REQUIREMENT> Look through the records below for the line with "replace (n ^" and the line with "repeat apply Rmult_le_pos;", then return those lines and all lines between, exactly.

Stored data
(* The right-hand side error sum of Theorem 1:
   sum_{l=1}^{s} sum_{m=0}^{qs-(s-l)} binom(s,l) binom(q-s,m)
     4 exp(-c1 n^2 (1-rho^2)^2 kap_l^2 /
              (sigma^4 d_{qs-s+l} + sigma^2 n (1-rho^2) kap_l)) *)
Definition thm1_sum (c1 : R) (q qs s n : nat) (d : nat -> nat)
    (rho sigma : R) (kap : nat -> R) : R :=
  sumR s (fun i => let l := S i in
    sumR (S (qs - (s - l))%nat) (fun m =>
      binomR s l * binomR (q - s)%nat m * 4 *
      exp (- c1 * ((INR n)^2 * (1 - rho^2)^2 * (kap l)^2) /
             (sigma^4 * INR (d (qs - s + l)%nat) + sigma^2 * INR n * (1 - rho^2) * kap l)))).

Definition logeq (q qs : nat) : R := ln (exp 1 * INR q / INR qs).

From Stdlib Require Import Reals Lra Lia Psatz.
Open Scope R_scope.

(* Both error terms of Theorem 1 are at most q^(-c2) / 2, writing qs for q^*.  The first
   one because d_qs log q <= c3 n.  In the double sum C(s, l) <= e^qs and
   C(q - s, m) <= (e q / qs)^qs, while the two remaining sample-size conditions make every
   exponent at least (c1 / (2 c3)) qs log(e q / qs); for c3 small this dominates both
   binomial factors and the at most qs (qs + 1) summands. *)

Lemma exp_le_exp x y : x <= y -> exp x <= exp y.
Proof. intros [H|H]; [left; now apply exp_increasing|subst; lra]. Qed.

Lemma ln_le_ln x y : 0 < x -> x <= y -> ln x <= ln y.
Proof. intros Hx [H|H]; [left; now apply ln_increasing|subst; lra]. Qed.

Lemma sumR_le n f g :
  (forall i, (i < n)%nat -> f i <= g i) -> sumR n f <= sumR n g.
Proof.
  induction n as [|n IH]; simpl; intros Hfg; [lra|].
  apply Rplus_le_compat; [apply IH; intros; apply Hfg|apply Hfg]; lia.
Qed.

Lemma sumR_const n c : sumR n (fun _ => c) = INR n * c.
Proof. induction n as [|n IH]; simpl sumR; [simpl; ring|rewrite IH, S_INR; ring]. Qed.

Lemma sum_f_R0_ge_term (f : nat -> R) n i :
  (forall k, 0 <= f k) -> (i <= n)%nat -> f i <= sum_f_R0 f n.
Proof.
  intros Hf; induction n as [|n IH]; intros Hi; simpl.
  - replace i with 0%nat by lia; lra.
  - destruct (Nat.eq_dec i (S n)) as [->|Hne].
    + pose proof (cond_pos_sum f n Hf); lra.
    + pose proof (IH ltac:(lia)); pose proof (Hf (S n)); lra.
Qed.

Lemma C_nonneg N m : 0 <= C N m.
Proof.
  apply Rle_mult_inv_pos; [apply pos_INR|].
  apply Rmult_lt_0_compat; apply INR_fact_lt_0.
Qed.

Lemma binomR_nonneg N m : 0 <= binomR N m.
Proof. unfold binomR; destruct (Nat.leb m N); [apply C_nonneg|lra]. Qed.

Lemma exp_pow x n : exp x ^ n = exp (INR n * x).
Proof. rewrite <- Rpower_pow by apply exp_pos; unfold Rpower; now rewrite ln_exp. Qed.

(* One term of the binomial expansion of (1 + x)^N, and 1 + x <= e^x. *)
Lemma binomR_mul_pow_le_exp N m x :
  0 <= x -> binomR N m * x ^ m <= exp (INR N * x).
Proof.
  intros Hx; unfold binomR; destruct (Nat.leb m N) eqn:Hm.
  2:{ rewrite Rmult_0_l; left; apply exp_pos. }
  apply Nat.leb_le in Hm.
  apply Rle_trans with ((x + 1) ^ N).
  - rewrite binomial.
    replace (C N m * x ^ m) with (C N m * x ^ m * 1 ^ (N - m)) by (rewrite pow1; ring).
    apply (sum_f_R0_ge_term (fun k => C N k * x ^ k * 1 ^ (N - k))); [|exact Hm].
    intros k; rewrite pow1, Rmult_1_r.
    apply Rmult_le_pos; [apply C_nonneg|now apply pow_le].
  - rewrite <- exp_pow; apply pow_incr; pose proof (exp_ineq1_le x); lra.
Qed.

Lemma ln_le_sub_1 x : 0 < x -> ln x <= x - 1.
Proof. intros Hx; pose proof (exp_ineq1_le (ln x)); rewrite exp_ln in * by exact Hx; lra. Qed.

Lemma logeq_eq q qs : (0 < q)%nat -> (0 < qs)%nat ->
  logeq q qs = 1 + ln (INR q) - ln (INR qs).
Proof.
  intros Hq Hqs; apply lt_0_INR in Hq, Hqs; pose proof (exp_pos 1).
  unfold logeq, Rdiv; rewrite ln_mult, ln_mult, ln_exp, ln_Rinv;
    try ring; try apply Rmult_lt_0_compat; auto using Rinv_0_lt_compat.
Qed.

Lemma logeq_ge_1 q qs : (1 <= qs <= q)%nat -> 1 <= logeq q qs.
Proof.
  intros Hqs; rewrite logeq_eq by lia.
  assert (ln (INR qs) <= ln (INR q)); [|lra].
  apply ln_le_ln; [apply lt_0_INR; lia|apply le_INR; lia].
Qed.

Lemma one_add_ln_le_mul_logeq q qs : (1 <= qs <= q)%nat ->
  1 + ln (INR q) <= INR qs * logeq q qs.
Proof.
  intros Hqs; rewrite logeq_eq by lia.
  assert (HS : 1 <= INR qs) by (apply (le_INR 1); lia).
  assert (ln (INR qs) <= ln (INR q)) by (apply ln_le_ln; [lra|apply le_INR; lia]).
  pose proof (ln_le_sub_1 (INR qs) ltac:(lra)).
  assert (0 <= ln (INR qs)) by (rewrite <- ln_1; apply ln_le_ln; lra).
  nra.
Qed.

(* The classical bound C(N, m) <= (e q / qs)^qs for N <= q and m <= qs:
   apply [binomR_mul_pow_le_exp] with x = qs / q. *)
Lemma binomR_le_exp_logeq N m q qs : (1 <= qs <= q)%nat -> (N <= q)%nat -> (m <= qs)%nat ->
  binomR N m <= exp (INR qs * logeq q qs).
Proof.
  intros Hqs HN Hm.
  assert (HS : 1 <= INR qs) by (apply (le_INR 1); lia).
  assert (HSQ : INR qs <= INR q) by (apply le_INR; lia).
  set (x := INR qs / INR q).
  assert (Hx : 0 < x) by (apply Rdiv_lt_0_compat; lra).
  assert (Hinvx : 1 <= / x).
  { unfold x; rewrite Rinv_div; apply (Rmult_le_reg_r (INR qs)); [lra|].
    unfold Rdiv; rewrite Rmult_assoc, Rinv_l; lra. }
  assert (Hexp : exp (INR qs * logeq q qs) = exp (INR qs) * (/ x) ^ qs).
  { rewrite <- Rpower_pow by lra; unfold Rpower; rewrite <- exp_plus; f_equal.
    unfold logeq, x; rewrite Rinv_div; unfold Rdiv.
    rewrite Rmult_assoc, ln_mult, ln_exp; try ring; try apply exp_pos.
    apply Rmult_lt_0_compat; [lra|apply Rinv_0_lt_compat; lra]. }
  assert (Hbin : binomR N m * x ^ m <= exp (INR qs)).
  { eapply Rle_trans; [apply binomR_mul_pow_le_exp; lra|apply exp_le_exp].
    apply Rle_trans with (INR q * x); [apply Rmult_le_compat_r; [lra|apply le_INR; lia]|].
    unfold x; right; field; lra. }
  rewrite Hexp.
  replace (binomR N m) with (binomR N m * x ^ m * (/ x) ^ m)
    by (rewrite Rmult_assoc, <- Rpow_mult_distr, Rinv_r, pow1 by lra; ring).
  apply Rmult_le_compat; [apply Rmult_le_pos; [apply binomR_nonneg|apply pow_le; lra]
    |apply pow_le; lra|exact Hbin|apply Rle_pow; [exact Hinvx|exact Hm]].
Qed.

Lemma le_mul_of_div_le a b c : 0 < b -> a / b <= c -> a <= c * b.
Proof.
  intros Hb H; replace a with (a / b * b) by (field; lra).
  apply Rmult_le_compat_r; lra.
Qed.

Lemma sqr_le_of_mul_sqrt_le a x z : 0 <= a -> 0 <= x -> a * sqrt x <= z -> a ^ 2 * x <= z ^ 2.
Proof.
  intros Ha Hx H; rewrite <- (sqrt_sqrt x Hx).
  replace (a ^ 2 * (sqrt x * sqrt x)) with ((a * sqrt x) ^ 2) by ring.
  apply pow_incr; split; [apply Rmult_le_pos; [exact Ha|apply sqrt_pos]|exact H].
Qed.

(* With Y = sigma^4 Dl + sigma^2 n t k, each summand of Y times a is at most c n^2 t^2 k^2:
   the first by the [sqrt]-condition (using c^2 <= c), the second by the linear one. *)
Lemma tail_exponent_ge c a sigma n t kappa k D Dl :
  0 < c <= 1 -> 0 <= a -> 0 < sigma -> 0 < n -> 0 < t -> 0 < kappa <= k -> 0 <= Dl <= D ->
  sigma ^ 2 * a <= c * n * (t * kappa) ->
  sigma ^ 4 * (a * D) <= (c * n * (t * kappa)) ^ 2 ->
  a / (2 * c) <= n ^ 2 * t ^ 2 * k ^ 2 / (sigma ^ 4 * Dl + sigma ^ 2 * n * t * k).
Proof.
  intros Hc Ha Hs Hn Ht Hk HD Hlin Hsqrt.
  set (X := n ^ 2 * t ^ 2 * k ^ 2).
  assert (HntK : 0 < n * t * kappa) by (repeat apply Rmult_lt_0_compat; lra).
  assert (HY : 0 < sigma ^ 4 * Dl + sigma ^ 2 * n * t * k).
  { assert (0 <= sigma ^ 4 * Dl) by (apply Rmult_le_pos; [apply pow_le|]; lra).
    assert (0 < sigma ^ 2 * n * t * k) by (repeat apply Rmult_lt_0_compat; try apply pow_lt; lra).
    lra. }
  assert (Hfirst : a * (sigma ^ 4 * Dl) <= c * X).
  { apply Rle_trans with (sigma ^ 4 * (a * D)).
    { replace (a * (sigma ^ 4 * Dl)) with (sigma ^ 4 * (a * Dl)) by ring.
      apply Rmult_le_compat_l; [apply pow_le; lra|apply Rmult_le_compat_l; lra]. }
    apply Rle_trans with (c * (n * t * kappa) ^ 2); [nra|].
    unfold X; apply Rmult_le_compat_l; [lra|].
    replace (n ^ 2 * t ^ 2 * k ^ 2) with ((n * t * k) ^ 2) by ring.
    apply pow_incr; split; [lra|]; apply Rmult_le_compat_l; nra. }
  assert (Hsecond : a * (sigma ^ 2 * n * t * k) <= c * X).
  { unfold X.
    replace (a * (sigma ^ 2 * n * t * k)) with (sigma ^ 2 * a * (n * t * k)) by ring.
    apply Rle_trans with (c * n * (t * kappa) * (n * t * k));
      [apply Rmult_le_compat_r; [nra|exact Hlin]|].
    replace (c * n * (t * kappa) * (n * t * k)) with (c * (n * t) ^ 2 * k * kappa) by ring.
    replace (c * (n ^ 2 * t ^ 2 * k ^ 2)) with (c * (n * t) ^ 2 * k * k) by ring.
    apply Rmult_le_compat_l; [|lra].
    repeat apply Rmult_le_pos; try apply pow_le; nra. }
  apply (Rmult_le_reg_r (2 * c * (sigma ^ 4 * Dl + sigma ^ 2 * n * t * k))); [nra|].
  replace (a / (2 * c) * (2 * c * (sigma ^ 4 * Dl + sigma ^ 2 * n * t * k)))
    with (a * (sigma ^ 4 * Dl) + a * (sigma ^ 2 * n * t * k)) by (field; lra).
  replace (X / (sigma ^ 4 * Dl + sigma ^ 2 * n * t * k) * (2 * c * (sigma ^ 4 * Dl + sigma ^ 2 * n * t * k)))
    with (2 * c * X) by (field; lra).
  lra.
Qed.

Lemma exp_opp_le_half_Rpower q c x : 0 < q -> c * ln q + ln 2 <= x ->
  exp (- x) <= Rpower q (- c) / 2.
Proof.
  intros Hq Hx; unfold Rpower, Rdiv; rewrite <- (exp_ln (/ 2)) by lra.
  rewrite <- exp_plus, ln_Rinv by lra; apply exp_le_exp; lra.
Qed.

Lemma ln_2_le_1 : ln 2 <= 1.
Proof.
  rewrite <- (ln_exp 1); apply ln_le_ln; [lra|].
  pose proof (exp_ineq1_le 1); lra.
Qed.

Lemma mul_succ_mul_4_le_exp x : 1 <= x -> x * (x + 1) * 4 <= exp (4 * x).
Proof.
  intros Hx; pose proof (exp_ineq1_le x); pose proof (exp_ineq1_le 1).
  assert (H4 : 4 <= exp (2 * x)).
  { apply Rle_trans with (exp 1 * exp 1); [nra|].
    rewrite <- exp_plus; apply exp_le_exp; lra. }
  replace (4 * x) with (x + x + 2 * x) by ring; rewrite !exp_plus.
  apply Rmult_le_compat; try nra; apply Rmult_le_compat; lra.
Qed.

OUTPUT BELOW>
    replace (n ^ 2 * t ^ 2 * k ^ 2) with ((n * t * k) ^ 2) by ring.
    apply pow_incr; split; [lra|]; apply Rmult_le_compat_l; nra. }
  assert (Hsecond : a * (sigma ^ 2 * n * t * k) <= c * X).
  { unfold X.
    replace (a * (sigma ^ 2 * n * t * k)) with (sigma ^ 2 * a * (n * t * k)) by ring.
    apply Rle_trans with (c * n * (t * kappa) * (n * t * k));
      [apply Rmult_le_compat_r; [nra|exact Hlin]|].
    replace (c * n * (t * kappa) * (n * t * k)) with (c * (n * t) ^ 2 * k * kappa) by ring.
    replace (c * (n ^ 2 * t ^ 2 * k ^ 2)) with (c * (n * t) ^ 2 * k * k) by ring.
    apply Rmult_le_compat_l; [|lra].
    repeat apply Rmult_le_pos; try apply pow_le; nra. }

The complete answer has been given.